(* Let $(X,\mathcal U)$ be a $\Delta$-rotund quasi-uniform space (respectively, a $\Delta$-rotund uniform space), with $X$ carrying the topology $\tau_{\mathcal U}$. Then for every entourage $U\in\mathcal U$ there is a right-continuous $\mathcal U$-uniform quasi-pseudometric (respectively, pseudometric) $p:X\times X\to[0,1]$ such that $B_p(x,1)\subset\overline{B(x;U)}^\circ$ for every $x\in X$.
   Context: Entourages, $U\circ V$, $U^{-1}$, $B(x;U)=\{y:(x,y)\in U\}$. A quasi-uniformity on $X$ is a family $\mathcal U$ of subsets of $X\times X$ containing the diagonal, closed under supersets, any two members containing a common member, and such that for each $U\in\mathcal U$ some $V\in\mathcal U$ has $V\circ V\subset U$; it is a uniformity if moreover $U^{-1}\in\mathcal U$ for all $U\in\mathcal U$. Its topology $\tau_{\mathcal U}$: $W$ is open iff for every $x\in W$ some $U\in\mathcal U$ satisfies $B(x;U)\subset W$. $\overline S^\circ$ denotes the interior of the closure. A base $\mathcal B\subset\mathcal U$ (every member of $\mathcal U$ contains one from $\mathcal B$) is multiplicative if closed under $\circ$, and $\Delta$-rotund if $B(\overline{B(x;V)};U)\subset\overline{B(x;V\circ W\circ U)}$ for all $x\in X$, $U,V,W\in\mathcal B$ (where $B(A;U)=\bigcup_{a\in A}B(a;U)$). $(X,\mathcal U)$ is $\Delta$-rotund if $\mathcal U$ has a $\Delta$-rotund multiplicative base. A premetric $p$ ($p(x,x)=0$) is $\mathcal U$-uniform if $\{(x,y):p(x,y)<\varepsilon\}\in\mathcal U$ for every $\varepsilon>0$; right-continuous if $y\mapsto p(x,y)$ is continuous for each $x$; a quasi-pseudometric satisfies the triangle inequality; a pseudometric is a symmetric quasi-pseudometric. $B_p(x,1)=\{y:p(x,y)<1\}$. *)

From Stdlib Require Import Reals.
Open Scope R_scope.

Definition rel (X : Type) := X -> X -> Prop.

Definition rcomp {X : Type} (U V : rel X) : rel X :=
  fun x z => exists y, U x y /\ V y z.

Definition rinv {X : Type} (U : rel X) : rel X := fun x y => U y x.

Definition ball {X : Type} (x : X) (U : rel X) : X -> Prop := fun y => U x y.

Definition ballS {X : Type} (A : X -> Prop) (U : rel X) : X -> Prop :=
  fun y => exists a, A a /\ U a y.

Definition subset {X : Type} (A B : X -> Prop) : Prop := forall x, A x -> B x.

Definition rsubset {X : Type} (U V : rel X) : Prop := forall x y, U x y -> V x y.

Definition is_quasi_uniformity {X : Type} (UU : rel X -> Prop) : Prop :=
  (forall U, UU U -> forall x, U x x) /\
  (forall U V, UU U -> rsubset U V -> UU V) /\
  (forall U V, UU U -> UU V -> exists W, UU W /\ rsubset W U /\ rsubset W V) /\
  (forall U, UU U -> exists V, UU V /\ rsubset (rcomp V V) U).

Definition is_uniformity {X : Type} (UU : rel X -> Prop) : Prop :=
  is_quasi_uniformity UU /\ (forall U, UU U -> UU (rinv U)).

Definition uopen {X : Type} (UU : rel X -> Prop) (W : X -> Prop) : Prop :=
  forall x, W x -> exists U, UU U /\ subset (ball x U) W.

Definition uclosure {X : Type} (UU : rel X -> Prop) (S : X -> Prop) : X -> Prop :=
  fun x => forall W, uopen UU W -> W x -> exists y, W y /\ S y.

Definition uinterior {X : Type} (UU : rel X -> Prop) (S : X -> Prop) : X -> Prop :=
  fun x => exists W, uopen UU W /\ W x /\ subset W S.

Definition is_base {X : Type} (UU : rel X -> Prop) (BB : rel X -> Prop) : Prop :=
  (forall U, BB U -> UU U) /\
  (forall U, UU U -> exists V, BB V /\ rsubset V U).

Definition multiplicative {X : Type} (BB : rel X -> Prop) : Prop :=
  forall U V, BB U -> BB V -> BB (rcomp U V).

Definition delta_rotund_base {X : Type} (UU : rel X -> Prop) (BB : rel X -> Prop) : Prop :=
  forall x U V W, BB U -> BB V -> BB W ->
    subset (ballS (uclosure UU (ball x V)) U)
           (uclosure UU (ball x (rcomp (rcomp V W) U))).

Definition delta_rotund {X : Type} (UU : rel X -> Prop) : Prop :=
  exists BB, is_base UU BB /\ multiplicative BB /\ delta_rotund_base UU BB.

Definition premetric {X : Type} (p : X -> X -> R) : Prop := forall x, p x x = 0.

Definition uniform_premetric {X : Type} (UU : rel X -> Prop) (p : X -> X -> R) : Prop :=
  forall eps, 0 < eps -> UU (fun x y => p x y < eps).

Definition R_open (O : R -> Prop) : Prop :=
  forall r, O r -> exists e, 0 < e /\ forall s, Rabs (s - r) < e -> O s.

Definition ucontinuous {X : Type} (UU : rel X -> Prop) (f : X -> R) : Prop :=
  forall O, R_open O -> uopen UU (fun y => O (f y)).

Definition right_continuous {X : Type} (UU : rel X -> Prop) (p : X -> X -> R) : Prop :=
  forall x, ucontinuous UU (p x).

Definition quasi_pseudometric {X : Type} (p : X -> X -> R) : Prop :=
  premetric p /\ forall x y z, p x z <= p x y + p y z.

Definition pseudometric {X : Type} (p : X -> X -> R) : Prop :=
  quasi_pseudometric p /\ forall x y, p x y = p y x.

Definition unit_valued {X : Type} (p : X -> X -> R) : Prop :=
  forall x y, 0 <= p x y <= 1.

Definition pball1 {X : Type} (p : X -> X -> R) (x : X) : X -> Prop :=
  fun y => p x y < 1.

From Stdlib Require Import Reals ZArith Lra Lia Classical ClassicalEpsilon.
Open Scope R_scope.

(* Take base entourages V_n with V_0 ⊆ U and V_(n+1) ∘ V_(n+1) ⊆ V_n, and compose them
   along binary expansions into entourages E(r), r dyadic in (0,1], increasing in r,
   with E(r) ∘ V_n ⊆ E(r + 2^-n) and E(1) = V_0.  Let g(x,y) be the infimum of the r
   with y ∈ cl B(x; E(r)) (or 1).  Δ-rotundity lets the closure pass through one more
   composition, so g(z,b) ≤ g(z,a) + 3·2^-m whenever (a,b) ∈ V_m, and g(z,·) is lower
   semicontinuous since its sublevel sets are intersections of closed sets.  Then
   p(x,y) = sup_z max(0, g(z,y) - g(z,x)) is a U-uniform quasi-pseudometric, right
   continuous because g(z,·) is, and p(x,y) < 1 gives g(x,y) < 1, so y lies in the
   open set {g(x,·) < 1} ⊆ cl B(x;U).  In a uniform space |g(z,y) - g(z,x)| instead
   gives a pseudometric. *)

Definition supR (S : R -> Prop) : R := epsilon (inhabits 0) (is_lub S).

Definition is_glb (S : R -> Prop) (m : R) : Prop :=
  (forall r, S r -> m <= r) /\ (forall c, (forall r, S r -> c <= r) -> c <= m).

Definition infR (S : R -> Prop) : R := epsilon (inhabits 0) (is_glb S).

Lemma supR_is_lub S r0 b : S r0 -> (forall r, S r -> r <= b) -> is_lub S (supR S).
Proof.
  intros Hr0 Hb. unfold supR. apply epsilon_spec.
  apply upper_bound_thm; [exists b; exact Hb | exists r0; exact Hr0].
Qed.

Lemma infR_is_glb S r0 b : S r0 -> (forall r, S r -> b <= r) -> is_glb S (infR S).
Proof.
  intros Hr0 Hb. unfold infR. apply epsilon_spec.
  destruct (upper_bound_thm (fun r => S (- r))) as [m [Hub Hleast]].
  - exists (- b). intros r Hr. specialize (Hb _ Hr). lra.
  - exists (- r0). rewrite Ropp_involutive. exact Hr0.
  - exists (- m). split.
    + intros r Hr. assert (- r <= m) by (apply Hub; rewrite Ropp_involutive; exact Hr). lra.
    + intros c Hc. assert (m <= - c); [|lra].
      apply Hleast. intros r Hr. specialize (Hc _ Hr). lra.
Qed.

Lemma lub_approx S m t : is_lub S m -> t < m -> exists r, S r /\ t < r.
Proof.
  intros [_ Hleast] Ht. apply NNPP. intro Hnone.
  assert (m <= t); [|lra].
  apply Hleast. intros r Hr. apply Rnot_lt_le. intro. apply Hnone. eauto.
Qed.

...

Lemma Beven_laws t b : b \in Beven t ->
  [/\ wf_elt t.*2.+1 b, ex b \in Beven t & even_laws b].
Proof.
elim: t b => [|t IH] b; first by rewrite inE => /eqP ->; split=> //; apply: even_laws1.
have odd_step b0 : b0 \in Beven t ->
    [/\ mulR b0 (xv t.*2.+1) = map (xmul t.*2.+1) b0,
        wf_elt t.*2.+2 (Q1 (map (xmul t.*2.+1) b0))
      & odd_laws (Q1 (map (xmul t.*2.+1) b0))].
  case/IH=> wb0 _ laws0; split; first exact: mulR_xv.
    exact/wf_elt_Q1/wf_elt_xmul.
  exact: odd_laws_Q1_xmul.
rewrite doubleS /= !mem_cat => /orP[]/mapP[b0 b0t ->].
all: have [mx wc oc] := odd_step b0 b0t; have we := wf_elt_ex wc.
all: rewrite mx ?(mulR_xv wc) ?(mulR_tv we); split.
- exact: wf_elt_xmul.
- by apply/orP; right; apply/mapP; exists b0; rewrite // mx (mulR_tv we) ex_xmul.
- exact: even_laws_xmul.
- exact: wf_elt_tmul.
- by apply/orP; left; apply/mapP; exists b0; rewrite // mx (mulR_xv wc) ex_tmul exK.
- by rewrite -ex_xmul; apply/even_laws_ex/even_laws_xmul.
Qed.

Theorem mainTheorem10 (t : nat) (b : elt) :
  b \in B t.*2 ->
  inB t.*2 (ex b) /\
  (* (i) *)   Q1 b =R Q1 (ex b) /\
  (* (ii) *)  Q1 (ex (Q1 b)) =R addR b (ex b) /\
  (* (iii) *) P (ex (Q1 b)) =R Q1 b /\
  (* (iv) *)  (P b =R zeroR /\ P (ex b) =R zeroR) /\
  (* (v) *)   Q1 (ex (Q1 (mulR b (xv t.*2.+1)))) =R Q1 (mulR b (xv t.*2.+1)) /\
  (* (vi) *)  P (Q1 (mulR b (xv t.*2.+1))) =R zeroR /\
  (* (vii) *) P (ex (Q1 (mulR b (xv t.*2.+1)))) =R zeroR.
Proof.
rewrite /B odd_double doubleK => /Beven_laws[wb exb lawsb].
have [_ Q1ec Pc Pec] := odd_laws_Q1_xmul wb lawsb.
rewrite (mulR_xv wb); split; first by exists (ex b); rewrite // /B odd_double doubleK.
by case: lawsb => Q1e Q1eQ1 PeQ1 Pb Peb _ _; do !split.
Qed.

* * *

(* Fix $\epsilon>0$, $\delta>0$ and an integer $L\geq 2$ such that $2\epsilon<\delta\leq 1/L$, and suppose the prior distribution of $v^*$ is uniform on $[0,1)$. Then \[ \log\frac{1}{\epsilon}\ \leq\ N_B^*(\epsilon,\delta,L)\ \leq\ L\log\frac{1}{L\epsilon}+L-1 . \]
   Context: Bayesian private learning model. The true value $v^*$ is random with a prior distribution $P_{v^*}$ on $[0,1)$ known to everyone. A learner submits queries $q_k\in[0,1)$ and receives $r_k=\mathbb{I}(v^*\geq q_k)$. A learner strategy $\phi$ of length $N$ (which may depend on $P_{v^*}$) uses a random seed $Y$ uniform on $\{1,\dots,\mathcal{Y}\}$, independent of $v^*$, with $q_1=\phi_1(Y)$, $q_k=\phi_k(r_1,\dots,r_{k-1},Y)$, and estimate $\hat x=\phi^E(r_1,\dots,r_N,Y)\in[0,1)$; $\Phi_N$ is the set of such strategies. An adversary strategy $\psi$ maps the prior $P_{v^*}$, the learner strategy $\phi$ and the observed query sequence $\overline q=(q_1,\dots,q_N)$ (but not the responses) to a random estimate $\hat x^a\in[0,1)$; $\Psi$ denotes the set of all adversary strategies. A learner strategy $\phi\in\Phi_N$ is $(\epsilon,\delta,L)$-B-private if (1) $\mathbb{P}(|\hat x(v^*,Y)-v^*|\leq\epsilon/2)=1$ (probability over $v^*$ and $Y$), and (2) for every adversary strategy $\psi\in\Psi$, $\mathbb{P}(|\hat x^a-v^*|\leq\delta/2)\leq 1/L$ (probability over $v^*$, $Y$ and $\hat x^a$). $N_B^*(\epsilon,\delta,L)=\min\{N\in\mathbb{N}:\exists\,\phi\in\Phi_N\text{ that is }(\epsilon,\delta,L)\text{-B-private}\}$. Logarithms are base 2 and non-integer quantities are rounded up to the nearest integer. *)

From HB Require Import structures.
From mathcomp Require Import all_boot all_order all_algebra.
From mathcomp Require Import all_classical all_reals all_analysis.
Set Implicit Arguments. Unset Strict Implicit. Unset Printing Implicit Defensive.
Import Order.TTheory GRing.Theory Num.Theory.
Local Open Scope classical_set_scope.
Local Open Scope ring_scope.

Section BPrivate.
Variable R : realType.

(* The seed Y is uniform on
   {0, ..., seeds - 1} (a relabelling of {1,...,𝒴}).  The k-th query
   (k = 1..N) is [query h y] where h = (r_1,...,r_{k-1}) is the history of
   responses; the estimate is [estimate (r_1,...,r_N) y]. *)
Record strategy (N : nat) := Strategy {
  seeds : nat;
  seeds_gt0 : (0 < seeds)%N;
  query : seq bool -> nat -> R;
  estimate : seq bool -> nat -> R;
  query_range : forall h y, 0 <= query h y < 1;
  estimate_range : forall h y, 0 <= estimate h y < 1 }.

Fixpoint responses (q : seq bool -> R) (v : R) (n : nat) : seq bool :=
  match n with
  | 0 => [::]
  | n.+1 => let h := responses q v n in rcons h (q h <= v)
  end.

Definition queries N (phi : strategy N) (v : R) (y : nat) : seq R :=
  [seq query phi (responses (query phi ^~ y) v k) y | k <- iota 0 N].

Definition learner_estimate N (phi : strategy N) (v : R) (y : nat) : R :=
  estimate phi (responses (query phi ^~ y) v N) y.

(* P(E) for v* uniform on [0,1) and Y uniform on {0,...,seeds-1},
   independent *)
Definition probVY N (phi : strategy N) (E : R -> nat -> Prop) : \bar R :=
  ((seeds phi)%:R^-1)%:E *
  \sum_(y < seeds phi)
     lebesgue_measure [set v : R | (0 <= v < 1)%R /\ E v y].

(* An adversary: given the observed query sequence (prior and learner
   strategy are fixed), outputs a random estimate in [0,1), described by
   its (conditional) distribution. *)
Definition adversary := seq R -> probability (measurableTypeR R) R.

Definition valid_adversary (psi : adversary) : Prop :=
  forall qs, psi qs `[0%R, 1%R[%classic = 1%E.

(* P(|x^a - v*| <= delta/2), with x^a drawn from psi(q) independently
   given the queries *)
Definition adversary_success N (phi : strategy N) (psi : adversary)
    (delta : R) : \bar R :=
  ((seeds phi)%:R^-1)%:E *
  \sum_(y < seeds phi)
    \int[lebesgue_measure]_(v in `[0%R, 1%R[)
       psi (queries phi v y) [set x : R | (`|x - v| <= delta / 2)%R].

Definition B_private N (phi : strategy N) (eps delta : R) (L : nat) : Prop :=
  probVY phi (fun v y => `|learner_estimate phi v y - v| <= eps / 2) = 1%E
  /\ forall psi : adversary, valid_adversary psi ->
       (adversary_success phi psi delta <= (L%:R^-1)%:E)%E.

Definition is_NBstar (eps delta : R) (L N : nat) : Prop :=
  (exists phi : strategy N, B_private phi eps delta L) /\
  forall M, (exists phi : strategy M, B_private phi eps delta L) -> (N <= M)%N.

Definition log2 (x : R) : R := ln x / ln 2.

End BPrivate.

Task statement
Would you retype exactly the lines above, from the line with "Theorem mainTheorem10 (t" to the line with "have [_ Q1ec", with both end lines kept and nothing more?

Problem solution
Theorem mainTheorem10 (t : nat) (b : elt) :
  b \in B t.*2 ->
  inB t.*2 (ex b) /\
  (* (i) *)   Q1 b =R Q1 (ex b) /\
  (* (ii) *)  Q1 (ex (Q1 b)) =R addR b (ex b) /\
  (* (iii) *) P (ex (Q1 b)) =R Q1 b /\
  (* (iv) *)  (P b =R zeroR /\ P (ex b) =R zeroR) /\
  (* (v) *)   Q1 (ex (Q1 (mulR b (xv t.*2.+1)))) =R Q1 (mulR b (xv t.*2.+1)) /\
  (* (vi) *)  P (Q1 (mulR b (xv t.*2.+1))) =R zeroR /\
  (* (vii) *) P (ex (Q1 (mulR b (xv t.*2.+1)))) =R zeroR.
Proof.
rewrite /B odd_double doubleK => /Beven_laws[wb exb lawsb].
have [_ Q1ec Pc Pec] := odd_laws_Q1_xmul wb lawsb.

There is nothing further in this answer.